Clarity: The paper is well written. It also provides previous related papers well.

Relation to Prior Work: This paper clearly discusses how this work differs from previous contributions.

Reproducibility: Yes

Additional Feedback: I read the author feedback. It answers my question well and was consistent with what I assumed in the original review. Therefore, I remain my positive evaluation. In my understanding, in standard multi-scale GNN, there are nonlinear activation in-between aggregation functions G. In this paper, there is no nonlinear activation in-between aggregation functions G. Nonlinear activation is only in B. Therefore, "graph" part G is always linear. Is there such multi-scale GNN in the literature? Why do you think this "linear version" works better than standard multi-scale GNN with non-linearity in-between aggregations? Is there any reference or additional empirical study to demonstrate the effect of "linear version vs nonlinear version"? The answer to these questions affect my final evaluation a lot, since this determines how relevant this paper is for GNN. After author response on this, I may decrease or increase my evaluation a lot (my current evaluation is very tentative). Theorem 1 is trivial to me given Assumption 1, even without any previous papers. But, I have worked on this field, and what I thought trivial turned out to be not trivial to others in many times previously.
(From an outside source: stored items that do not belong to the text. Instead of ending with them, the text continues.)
Definition rot_e3 (t : R) (v : V3) : V3 :=
  mkV3 (cos t * v1 v - sin t * v2 v) (sin t * v1 v + cos t * v2 v) (v3 v).
Definition tilt_left (ph : R) (w : V3) : V3 :=
  mkV3 (- cos ph * v1 w + sin ph * v3 w) (- v2 w) (sin ph * v1 w + cos ph * v3 w).
Definition tilt_right (ph : R) (w : V3) : V3 :=
  mkV3 (sin ph * v2 w - cos ph * v3 w) (- v1 w) (cos ph * v2 w + sin ph * v3 w).
(* The third rows of M^l and M^r. *)
Definition axis_left (ph : R) : V3 := mkV3 (sin ph) 0 (cos ph).
Definition axis_right (ph : R) : V3 := mkV3 0 (cos ph) (sin ph).

Lemma Ml_factor ph t w : mv (Ml ph t) w = rot_e3 t (tilt_left ph w).
Proof. destruct w; unfold mv, Ml, rot_e3, tilt_left, dot; simpl; f_equal; ring. Qed.
Lemma Mr_factor ph t w : mv (Mr ph t) w = rot_e3 t (tilt_right ph w).
Proof. destruct w; unfold mv, Mr, rot_e3, tilt_right, dot; simpl; f_equal; ring. Qed.

Lemma tilt_left_height ph w : v3 (tilt_left ph w) = dot w (axis_left ph).
Proof. destruct w; unfold tilt_left, axis_left, dot; simpl; ring. Qed.
Lemma tilt_right_height ph w : v3 (tilt_right ph w) = dot w (axis_right ph).
Proof. destruct w; unfold tilt_right, axis_right, dot; simpl; ring. Qed.

Lemma axis_left_unit ph : dot (axis_left ph) (axis_left ph) = 1.
Proof. unfold axis_left, dot; simpl; rewrite <- (sin_cos_sq ph); ring. Qed.
Lemma axis_right_unit ph : dot (axis_right ph) (axis_right ph) = 1.
Proof. unfold axis_right, dot; simpl; rewrite <- (sin_cos_sq ph); ring. Qed.

Lemma rot_e3_norm t v : dot (rot_e3 t v) (rot_e3 t v) = dot v v.
Proof.
  destruct v as [x y z]; unfold rot_e3, dot; simpl.
  transitivity ((sin t * sin t + cos t * cos t) * (x * x + y * y) + z * z); [ring|].
  rewrite sin_cos_sq; ring.
Qed.
Lemma tilt_left_norm ph w : dot (tilt_left ph w) (tilt_left ph w) = dot w w.
Proof.
  destruct w as [x y z]; unfold tilt_left, dot; simpl.
  transitivity ((sin ph * sin ph + cos ph * cos ph) * (x * x + z * z) + y * y); [ring|].
  rewrite sin_cos_sq; ring.
Qed.
Lemma tilt_right_norm ph w : dot (tilt_right ph w) (tilt_right ph w) = dot w w.
Proof.
  destruct w as [x y z]; unfold tilt_right, dot; simpl.
  transitivity ((sin ph * sin ph + cos ph * cos ph) * (y * y + z * z) + x * x); [ring|].
  rewrite sin_cos_sq; ring.
Qed.

Lemma rotation_average k c v eta : dot v v = 1 -> dot eta eta = 1 ->
  / (2 * PI) * Rint (fun t => c * legendre k (dot (rot_e3 t v) eta)) 0 (2 * PI)
  = c * legendre k (v3 v) * legendre k (v3 eta).
Proof.
  intros Hv He; destruct v as [x y z], eta as [a b e]; unfold dot in Hv, He; simpl in Hv, He.
  replace (fun t => c * legendre k (dot (rot_e3 t (mkV3 x y z)) (mkV3 a b e)))
    with (fun t => c * legendre k (z * e + (x * a + y * b) * cos t + (x * b - y * a) * sin t)).
  - apply legendre_average.
    transitivity ((x * x + y * y) * (a * a + b * b)); [ring|].
    replace (x * x + y * y) with (1 - z * z) by lra.
    replace (a * a + b * b) with (1 - e * e) by lra; simpl; ring.
  - apply functional_extensionality; intro t; unfold rot_e3, dot; simpl; do 2 f_equal; ring.
Qed.

(* One step of the induction over trees: averaging the root angle of a left
   (resp. right) branch produces P_k(cos phi) (resp. P_k(sin phi)), through
   the axis of the branch. *)
Lemma root_average_left k c ph w eta : dot w w = 1 -> dot eta eta = 1 ->
  / (2 * PI) * Rint (fun t => c * legendre k (dot (mv (Ml ph t) w) eta)) 0 (2 * PI)
  = c * legendre k (v3 eta) * legendre k (dot w (axis_left ph)).
Proof.
  intros Hw He.
  rewrite (Rint_ext _ (fun t => c * legendre k (dot (rot_e3 t (tilt_left ph w)) eta)))
    by (intro; rewrite Ml_factor; reflexivity).
  rewrite rotation_average, tilt_left_height; [ring | rewrite tilt_left_norm; exact Hw | exact He].
Qed.

Lemma root_average_right k c ph w eta : dot w w = 1 -> dot eta eta = 1 ->
  / (2 * PI) * Rint (fun t => c * legendre k (dot (mv (Mr ph t) w) eta)) 0 (2 * PI)
  = c * legendre k (v3 eta) * legendre k (dot w (axis_right ph)).
Proof.
  intros Hw He.
  rewrite (Rint_ext _ (fun t => c * legendre k (dot (rot_e3 t (tilt_right ph w)) eta)))
    by (intro; rewrite Mr_factor; reflexivity).
  rewrite rotation_average, tilt_right_height; [ring | rewrite tilt_right_norm; exact Hw | exact He].
Qed.

(** Iterated averages over the angles.  [avg_range a m F th] averages F over
    theta_{a+1}, ..., theta_{a+m} (uniformly on (0,2pi), innermost the last),
    the other angles being those of [th]. *)
Fixpoint avg_range (a m : nat) (F : (nat -> R) -> R) (th : nat -> R) : R :=
  match m with
  | O => F th
  | S m' => avg_range a m'
      (fun th' => / (2 * PI) * Rint (fun t => F (upd th' (a + S m') t)) 0 (2 * PI)) th
  end.

Lemma avg_iter_range m F : avg_iter m F = avg_range 0 m F (fun _ => 0).
Proof. revert F; induction m as [|m IH]; intro F; [reflexivity | apply IH]. Qed.

Lemma avg_range_ext a m F G th : (forall th', F th' = G th') -> avg_range a m F th = avg_range a m G th.
Proof. intro H; replace F with G; [reflexivity|]; apply functional_extensionality; auto. Qed.

Lemma avg_range_split a m1 m2 F th :
  avg_range a (m1 + m2) F th = avg_range a m1 (avg_range (a + m1) m2 F) th.
Proof.
  revert F th; induction m2 as [|m2 IH]; intros F th.
  - rewrite Nat.add_0_r; reflexivity.
  - rewrite Nat.add_succ_r; simpl avg_range at 1; rewrite IH; simpl avg_range at 2.
    replace (a + S (m1 + m2))%nat with (a + m1 + S m2)%nat by lia; reflexivity.
Qed.

Lemma avg_range_const a m G th :
  (forall th' i x, (a < i)%nat -> G (upd th' i x) = G th') -> avg_range a m G th = G th.
Proof.
  revert G th; induction m as [|m IH]; intros G th HG; [reflexivity|].
  simpl avg_range; rewrite (avg_range_ext _ _ _ G); [apply IH, HG|].
  intro th'; rewrite (Rint_ext _ (fun _ => G th')) by (intro; apply HG; lia).
  rewrite Rint_const; field; pose proof PI_RGT_0; lra.
Qed.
Theorem 2 (with the correction in appendix) is more interesting to me, but this also follows standard proof of Rademacher complexity bounds. This bound can increase exponentially as depth increase, as I mentioned above. The trade-off issue mentioned after Theorem 2 is not resolved in this paper. But, it is good to discuss the limitation explicitly, unlike many other papers.

Review 2

Summary and Contributions: The paper presents a novel boosting style method to optimize graph NNs and tries to pull together various pieces from learning theory to shed light on the optimization and generalization accuracy in GNNs, in particular as it relates to a phenomenon called "over-smoothing" in the DNN community.

Strengths: The paper digests quite some literature and results, which it tries to adapt to the chosen setting.
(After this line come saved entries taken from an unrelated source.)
Lemma analytic_half_mono M i : (i <= M)%N ->
  spanned1 M.+1 (fun k a => expi (k%:R * a))
    (fun a => expi (M%:R * (a / 2)) * (half_mono M i a)%:C).
Proof.
move=> iM; set P := ('X - (-1)%:P) ^+ i * ('X - 1%:P) ^+ (M - i) : {poly C}.
have two_neq0 : (2 : C) != 0 by rewrite pnatr_eq0.
exists (fun k => 2^-1 ^+ i * (- 'i / 2) ^+ (M - i) * P`_k) => a.
set E := expi (a / 2); set E' := expi (- (a / 2)).
have EE' : E' * E = 1 by rewrite expiNK.
have hc : (cos (a / 2))%:C = (E + E') / 2.
  apply: (mulIf two_neq0); rewrite divfK //.
  by apply/eqP; rewrite eq_complex /= cosN sinN; apply/andP; split; apply/eqP; ring.
have hs : (sin (a / 2))%:C = (E - E') * (- 'i / 2).
  apply: (mulIf two_neq0); rewrite mulrA divfK //.
  by apply/eqP; rewrite eq_complex /= cosN sinN; apply/andP; split; apply/eqP; ring.
have hEp : E * (E + E') = E ^+ 2 - (-1) by rewrite opprK mulrDr [E * E']mulrC EE' expr2.
have hEm : E * (E - E') = E ^+ 2 - 1 by rewrite mulrBr [E * E']mulrC EE' expr2.
have -> : \sum_(k < M.+1) 2^-1 ^+ i * (- 'i / 2) ^+ (M - i) * P`_k * expi (k%:R * a) =
    2^-1 ^+ i * (- 'i / 2) ^+ (M - i) * P.[E ^+ 2].
  rewrite (@horner_coef_wide _ M.+1) ?size_XsubC_expM ?subnKC // mulr_sumr.
  apply: eq_bigr => k _; rewrite -exprM -expi_natrM [RHS]mulrA; congr (_ * expi _).
  by rewrite natrM; field.
rewrite /half_mono rmorphM !rmorphXn /= expi_natrM -/E hc hs hornerM !horner_exp !hornerXsubC.
rewrite -[in E ^+ M](subnKC iM) exprD -hEp -hEm !exprMn; ring.
Qed.

Lemma spanned1_wave_half_mono N i : (i <= 2 * N)%N ->
  spanned1 (2 * N).+1 (wave N) (fun a : R => (half_mono (2 * N) i a)%:C).
Proof.
move=> iN; have [c hc] := analytic_half_mono iN; exists c => a.
under eq_bigr => k _ do rewrite wave_expi mulrCA.
rewrite -mulr_sumr -hc mulrA -expiD natrM.
have -> : - (N%:R * a) + 2%:R * N%:R * (a / 2) = 0 by field.
by rewrite expi0 mul1r.
Qed.

Definition half_poly N1 N2 N3 (A : nat -> nat -> nat -> R) : fun3 := fun a b c =>
  \sum_(k < N1.+1) \sum_(l < N2.+1) \sum_(m < N3.+1)
    A k l m * (half_mono N1 k a * half_mono N2 l b * half_mono N3 m c).

Lemma trig_poly_half_poly N1 N2 N3 A :
  trig_poly N1 N2 N3 (half_poly (2 * N1) (2 * N2) (2 * N3) A).
Proof.
apply/trig_polyE; apply: (@spanned3_ext _ _ _ _ (fun a b c =>
    \sum_(k < (2 * N1).+1) \sum_(l < (2 * N2).+1) \sum_(m < (2 * N3).+1) (A k l m)%:C *
      ((half_mono (2 * N1) k a)%:C * (half_mono (2 * N2) l b)%:C *
       (half_mono (2 * N3) m c)%:C))).
  move=> a b c; rewrite /half_poly.
  by do 3!(rewrite rmorph_sum; apply: eq_bigr => ? _); rewrite !rmorphM.
do 3![apply: spanned3_sum => ?]; apply: spanned3Z.
by apply: spanned3_prod; apply: spanned1_wave_half_mono; rewrite -ltnS.
Qed.

Lemma atrig_half_poly N1 N2 N3 A : atrig_poly N1 N2 N3 (fun a b c =>
  expi (N1%:R * (a / 2)) * expi (N2%:R * (b / 2)) * expi (N3%:R * (c / 2)) *
    (half_poly N1 N2 N3 A a b c)%:C).
Proof.
apply/atrig_polyE; apply: (@spanned3_ext _ _ _ _ (fun a b c =>
    \sum_(k < N1.+1) \sum_(l < N2.+1) \sum_(m < N3.+1) (A k l m)%:C *
      (expi (N1%:R * (a / 2)) * (half_mono N1 k a)%:C *
       (expi (N2%:R * (b / 2)) * (half_mono N2 l b)%:C) *
       (expi (N3%:R * (c / 2)) * (half_mono N3 m c)%:C)))).
  move=> a b c; rewrite /half_poly rmorph_sum mulr_sumr; apply: eq_bigr => k _.
  rewrite rmorph_sum mulr_sumr; apply: eq_bigr => l _.
  by rewrite rmorph_sum mulr_sumr; apply: eq_bigr => m _; rewrite !rmorphM; ring.
do 3![apply: spanned3_sum => ?]; apply: spanned3Z.
by apply: spanned3_prod; apply: analytic_half_mono; rewrite -ltnS.
Qed.

(** * The substitution alpha = pi - 2 atan x *)

Definition sqrt1D (x : R) := Num.sqrt (1 + x ^+ 2).

Lemma sqrt1D_gt0 (x : R) : 0 < sqrt1D x.
Proof. by rewrite sqrtr_gt0 ltr_pwDl ?sqr_ge0. Qed.

Lemma sqrt1D_neq0 (x : R) : sqrt1D x != 0.
Proof. by rewrite gt_eqF ?sqrt1D_gt0. Qed.

Lemma sqrt1D_expM (x : R) N : sqrt1D x ^+ (2 * N) = (x ^+ 2 + 1) ^+ N.
Proof. by rewrite exprM sqr_sqrtr ?addr_ge0 ?sqr_ge0 // addrC. Qed.

Lemma sqrt1D_sqr (x : R) N : (sqrt1D x ^+ N) ^+ 2 = (x ^+ 2 + 1) ^+ N.
Proof. by rewrite -exprM mulnC sqrt1D_expM. Qed.

Lemma sin_atan (x : R) : sin (atan x) = x / sqrt1D x.
Proof.
have c0 : cos (atan x) != 0 by rewrite cos_atan invr_eq0 sqrt1D_neq0.
by rewrite -{2}(atanK x) /tan /sqrt1D -cos_atan divfK.
Qed.

Lemma half_calpha (x : R) : calpha x / 2 = - (atan x - pi / 2).
Proof. by rewrite /calpha; field. Qed.

Lemma cos_half_calpha (x : R) : cos (calpha x / 2) = x / sqrt1D x.
Proof. by rewrite half_calpha cosN cosBpihalf sin_atan. Qed.

Lemma sin_half_calpha (x : R) : sin (calpha x / 2) = (sqrt1D x)^-1.
Proof. by rewrite half_calpha sinN sinBpihalf opprK cos_atan. Qed.

Lemma calpha_surj (a : R) : 0 < a < pi *+ 2 -> exists x, calpha x = a.
Proof.
move=> /andP[a_gt0 a_lt]; exists (tan ((pi - a) / 2)).
rewrite /calpha tanK; first by field.
by rewrite in_itv /=; apply/andP; split; move: a_lt; rewrite mulr2n => ?; lra.
Qed.

Lemma half_mono_calpha N i (x : R) : (i <= N)%N ->
  sqrt1D x ^+ N * half_mono N i (calpha x) = x ^+ i.
Proof.
move=> iN; rewrite /half_mono cos_half_calpha sin_half_calpha -{1}(subnKC iN).
by rewrite exprD !exprMn !exprVn; field; rewrite !expf_neq0 ?sqrt1D_neq0.
Qed.

Lemma half_poly_calpha N1 N2 N3 A (x y z : R) :
  sqrt1D x ^+ N1 * sqrt1D y ^+ N2 * sqrt1D z ^+ N3 *
    half_poly N1 N2 N3 A (calpha x) (calpha y) (calpha z) =
  \sum_(k < N1.+1) \sum_(l < N2.+1) \sum_(m < N3.+1) A k l m * x ^+ k * y ^+ l * z ^+ m.
Proof.
rewrite /half_poly mulr_sumr; apply: eq_bigr => k _; rewrite mulr_sumr; apply: eq_bigr => l _.
rewrite mulr_sumr; apply: eq_bigr => m _.
rewrite -(half_mono_calpha x (ltnSE (ltn_ord k))) -(half_mono_calpha y (ltnSE (ltn_ord l))).
by rewrite -(half_mono_calpha z (ltnSE (ltn_ord m))); ring.
Qed.

Definition cayley_mono (M k : nat) : {poly C} :=
  ('X - (- 'i)%:P) ^+ k * ('X - 'i%:P) ^+ (M - k).

Lemma cayley_mono_calpha (x : R) (M k : nat) : (k <= M)%N ->
  (sqrt1D x ^+ M)%:C * expi ((k%:R - M%:R / 2) * calpha x) = (cayley_mono M k).[x%:C].
Proof.
move=> kM; have s0 : (sqrt1D x)%:C != 0 by rewrite (inj_eq (@complexI _)) sqrt1D_neq0.
have eE : expi (calpha x / 2) = (x%:C + 'i) / (sqrt1D x)%:C.
  apply: (mulIf s0); rewrite divfK // /expi cos_half_calpha sin_half_calpha.
  by apply/eqP; rewrite eq_complex /=; apply/andP; split; apply/eqP; field;
    rewrite sqrt1D_neq0.
have eE' : expi (- (calpha x / 2)) = (x%:C - 'i) / (sqrt1D x)%:C.
  apply: (mulIf s0); rewrite divfK // /expi cosN sinN cos_half_calpha sin_half_calpha.
  by apply/eqP; rewrite eq_complex /=; apply/andP; split; apply/eqP; field;
    rewrite sqrt1D_neq0.
have -> : (k%:R - M%:R / 2) * calpha x = k%:R * (calpha x / 2) + (M - k)%:R * - (calpha x / 2).
  by rewrite natrB //; field.
rewrite expiD !expi_natrM eE eE' /cayley_mono hornerM !horner_exp !hornerXsubC opprK.
rewrite rmorphXn -{1}(subnKC kM) exprD !exprMn !exprVn; field.
by rewrite !expf_neq0.
Qed.

Lemma wave_calpha N k (x : R) : (k <= 2 * N)%N ->
  ((x ^+ 2 + 1) ^+ N)%:C * wave N k (calpha x) = (cayley_mono (2 * N) k).[x%:C].
Proof.
move=> kN; rewrite -cayley_mono_calpha // sqrt1D_expM /wave intrD intrN natrM.
by congr (_ * expi (_ * _)); field.
Qed.

Lemma expi_calpha_cayley N k (x : R) : (k <= N)%N ->
  (sqrt1D x ^+ N)%:C * expi (- (N%:R * (calpha x / 2))) * expi (k%:R * calpha x) =
  (cayley_mono N k).[x%:C].
Proof. by move=> kN; rewrite -cayley_mono_calpha // -mulrA -expiD; congr (_ * expi _); field. Qed.

Lemma spanned1_horner D (P : {poly C}) : (size P <= D.+1)%N ->
  spanned1 D.+1 (fun k (x : R) => x%:C ^+ k) (fun x => P.[x%:C]).
Proof. by move=> sP; exists (fun k => P`_k) => x; rewrite (horner_coef_wide _ sP). Qed.

Lemma spanned1_cayley_mono M k : (k <= M)%N ->
  spanned1 M.+1 (fun k (x : R) => x%:C ^+ k) (fun x => (cayley_mono M k).[x%:C]).
Proof. by move=> kM; apply: spanned1_horner; rewrite size_XsubC_expM subnKC. Qed.

Local Notation monomial3 := (fun (k l m : nat) (x y z : R) => x%:C ^+ k * y%:C ^+ l * z%:C ^+ m).

Lemma poly3_Re D1 D2 D3 (G : cfun3) : spanned3 D1.+1 D2.+1 D3.+1 monomial3 G ->
  poly3 D1 D2 D3 (fun x y z => complex.Re (G x y z)).
Proof.
move=> [q hq]; exists (fun k l m => complex.Re (q k l m)) => x y z.
rewrite hq !raddf_sum; apply: eq_bigr => k _; rewrite raddf_sum; apply: eq_bigr => l _.
rewrite raddf_sum; apply: eq_bigr => m _.
by rewrite -!rmorphXn -!rmorphM; case: (q k l m) => u v /=; ring.
Qed.

Lemma poly3_Im D1 D2 D3 (G : cfun3) : spanned3 D1.+1 D2.+1 D3.+1 monomial3 G ->
  poly3 D1 D2 D3 (fun x y z => complex.Im (G x y z)).
Proof.
move=> /(spanned3Z (- 'i)) /poly3_Re; congr poly3; apply: funext3 => x y z.
by case: (G x y z) => u v /=; ring.
Qed.

Lemma poly3_calderon N1 N2 N3 (f : fun3) : trig_poly N1 N2 N3 f ->
  poly3 (2 * N1) (2 * N2) (2 * N3) (calderon N1 N2 N3 f).
Proof.
move=> /trig_polyE tf.
pose phi (x y z : R) : C := ((x ^+ 2 + 1) ^+ N1 * (y ^+ 2 + 1) ^+ N2 * (z ^+ 2 + 1) ^+ N3)%:C.
have : spanned3 (2 * N1).+1 (2 * N2).+1 (2 * N3).+1 monomial3
    (fun x y z => phi x y z * (f (calpha x) (calpha y) (calpha z))%:C).
  apply: (spanned3_comp tf) => k l m.
  apply: spanned3_ext (spanned3_prod (spanned1_cayley_mono (ltnSE (ltn_ord k)))
    (spanned1_cayley_mono (ltnSE (ltn_ord l))) (spanned1_cayley_mono (ltnSE (ltn_ord m)))).
  move=> x y z; rewrite -!wave_calpha ?(ltnSE (ltn_ord _)) // /phi !rmorphM; ring.
by move/poly3_Re; congr poly3; apply: funext3 => x y z; rewrite -rmorphM.
Qed.

(** * Degrees of sums of squares *)

Lemma size_poly_sqr_le N (P Q : {poly R}) : (size Q <= (2 * N).+1)%N ->
  (forall x, P.[x] ^+ 2 <= Q.[x]) -> (size P <= N.+1)%N.
Proof.
(* Otherwise P^2 - Q has a positive leading coefficient, so it is positive far out. *)
move=> sQ PQ; rewrite leqNgt; apply/negP => sP.
have P0 : P != 0 by rewrite -size_poly_eq0 -lt0n (leq_trans _ sP).
have sQ_lt : (size (- Q) < size (P * P)%R)%N.
  rewrite size_polyN (leq_ltn_trans sQ) // size_mul //.
  by move: sP; case: (size P) => // n; rewrite addSn /=; lia.
have lc : lead_coef (P * P - Q) = lead_coef P ^+ 2 by rewrite lead_coefDl // lead_coefM.
have lc_gt0 : 0 < lead_coef (P * P - Q).
  by rewrite lc lt_def sqr_ge0 sqrf_eq0 lead_coef_eq0 P0.
have [x hx] := poly_pinfty_gt_lc lc_gt0.
have := hx x (lexx x); have := PQ x.
by rewrite hornerD hornerN hornerM -expr2; lra.
Qed.

Lemma poly3_swap12 D1 D2 D3 (F : fun3) : poly3 D1 D2 D3 F ->
  poly3 D2 D1 D3 (fun x y z => F y x z).
Proof.
move=> [a ha]; exists (fun k l m => a l k m) => x y z.
by rewrite ha exchange_big; do 3!apply: eq_bigr => ? _; ring.
Qed.

Lemma poly3_swap13 D1 D2 D3 (F : fun3) : poly3 D1 D2 D3 F ->
  poly3 D3 D2 D1 (fun x y z => F z y x).
Proof.
move=> [a ha]; exists (fun k l m => a m l k) => x y z.
rewrite ha; under eq_bigr => k _ do rewrite exchange_big.
rewrite exchange_big; apply: eq_bigr => m _; rewrite exchange_big.
by do 2!apply: eq_bigr => ? _; ring.
Qed.

Lemma poly3_sqr_le1 D1 D2 D3 N E2 E3 (F p : fun3) :
  poly3 D1 D2 D3 F -> poly3 (2 * N) E2 E3 p ->
  (forall x y z, F x y z ^+ 2 <= p x y z) -> poly3 N D2 D3 F.
Proof.
move=> [a ha] [b hb] Fp.
exists (fun k l m => if (k < D1.+1)%N then a k l m else 0) => x y z.
pose P := \poly_(k < D1.+1) \sum_(l < D2.+1) \sum_(m < D3.+1) a k l m * y ^+ l * z ^+ m.
pose Q := \poly_(k < (2 * N).+1) \sum_(l < E2.+1) \sum_(m < E3.+1) b k l m * y ^+ l * z ^+ m.
have hP t : F t y z = P.[t].
  rewrite ha horner_poly; apply: eq_bigr => k _; rewrite mulr_suml; apply: eq_bigr => l _.
  by rewrite mulr_suml; apply: eq_bigr => m _; ring.
have hQ t : p t y z = Q.[t].
  rewrite hb horner_poly; apply: eq_bigr => k _; rewrite mulr_suml; apply: eq_bigr => l _.
  by rewrite mulr_suml; apply: eq_bigr => m _; ring.
have sP : (size P <= N.+1)%N.
  by apply: (size_poly_sqr_le (Q := Q)); [exact: size_poly | move=> t; rewrite -hP -hQ].
rewrite hP (horner_coef_wide _ sP); apply: eq_bigr => k _; rewrite coef_poly.
case: ifP => _; last by rewrite mul0r big1 // => l _; rewrite big1 // => m _; rewrite !mul0r.
by rewrite mulr_suml; apply: eq_bigr => l _; rewrite mulr_suml; apply: eq_bigr => m _; ring.
Qed.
Weaknesses: I find the paper extremely hard to read. I can't state that I feel comfortable, I have understood the main claims and results. There is very little empirical evidence or clean argumentation that would motivate the reader to follows the suggested path that combines "muddy" fundings from GNNs with established learning theory. As it stands, I find the paper needs a major revision to work out the actual claims and results.

Correctness: (Unable to check due to complexity of write-up.)
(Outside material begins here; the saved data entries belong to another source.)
Definition signomial (alpha : I -> 'rV[R]_n) (c : I -> R) (x : 'rV[R]_n) : R :=
  \sum_(i : I) c i * expR (dotv (alpha i) x).

Definition AGE_cone (X : set 'rV[R]_n) (alpha : I -> 'rV[R]_n) (beta : I)
  : set (I -> R) :=
  [set c | (forall x, X x -> 0 <= signomial alpha c x) /\
           (forall i, i != beta -> 0 <= c i)].

Definition N_beta (beta : I) : set (I -> R) :=
  [set nu | (forall i, i != beta -> 0 <= nu i) /\ \sum_(i : I) nu i = 0].

(* One summand of the relative entropy, extended continuously, with value
   +oo as soon as one argument is negative. *)
Definition relent_term (v c : R) : \bar R :=
  if (v < 0) || (c < 0) then +oo%E
  else if v == 0 then 0%E
  else if c == 0 then +oo%E
  else (v * ln (v / c))%:E.

Definition relent_minus (beta : I) (nu d : I -> R) : \bar R :=
  (\sum_(i : I | i != beta) relent_term (nu i) (d i))%E.

Definition proportional (u v : I -> R) : Prop :=
  exists t : R, (u = fun i => t * v i) \/ (v = fun i => t * u i).

Definition conv_hull (k : nat) (pts : 'I_k -> I -> R) : set (I -> R) :=
  [set w | exists lam : 'I_k -> R, (forall j, 0 <= lam j) /\
      \sum_(j < k) lam j = 1 /\ w = fun i => \sum_(j < k) lam j * pts j i].

Definition affine_on (phi : (I -> R) -> \bar R) (S : set (I -> R)) : Prop :=
  exists (a : I -> R) (b : R),
    forall w, S w -> phi w = (\sum_(i : I) a i * w i + b)%:E.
Clarity: No, surely not. See above.

Relation to Prior Work: A lot of work is cited, but I still feel there is a lack of clarity in putting this work into the context of other work in GNNs.

Reproducibility: Yes

Additional Feedback:

Review 3

Summary and Contributions: This paper proposed GB-GNN, a multi-scale graph neural network with the boosting theory to deal with the over-smoothing problem. On top of the generalization gap, the authors also studied the optimization guarantee under the weak learning condition. The upper bound of test error is derived under the special case of MLPs as the transformation function and GCNs as the aggregation function. Both theoretical analysis and experimental results indicate an improved performance on test error when deepening the model. In terms of the prediction accuracy, the framework (with several variants) has been implemented on the standard node classification datasets and performs comparable results to the conventional GNNs.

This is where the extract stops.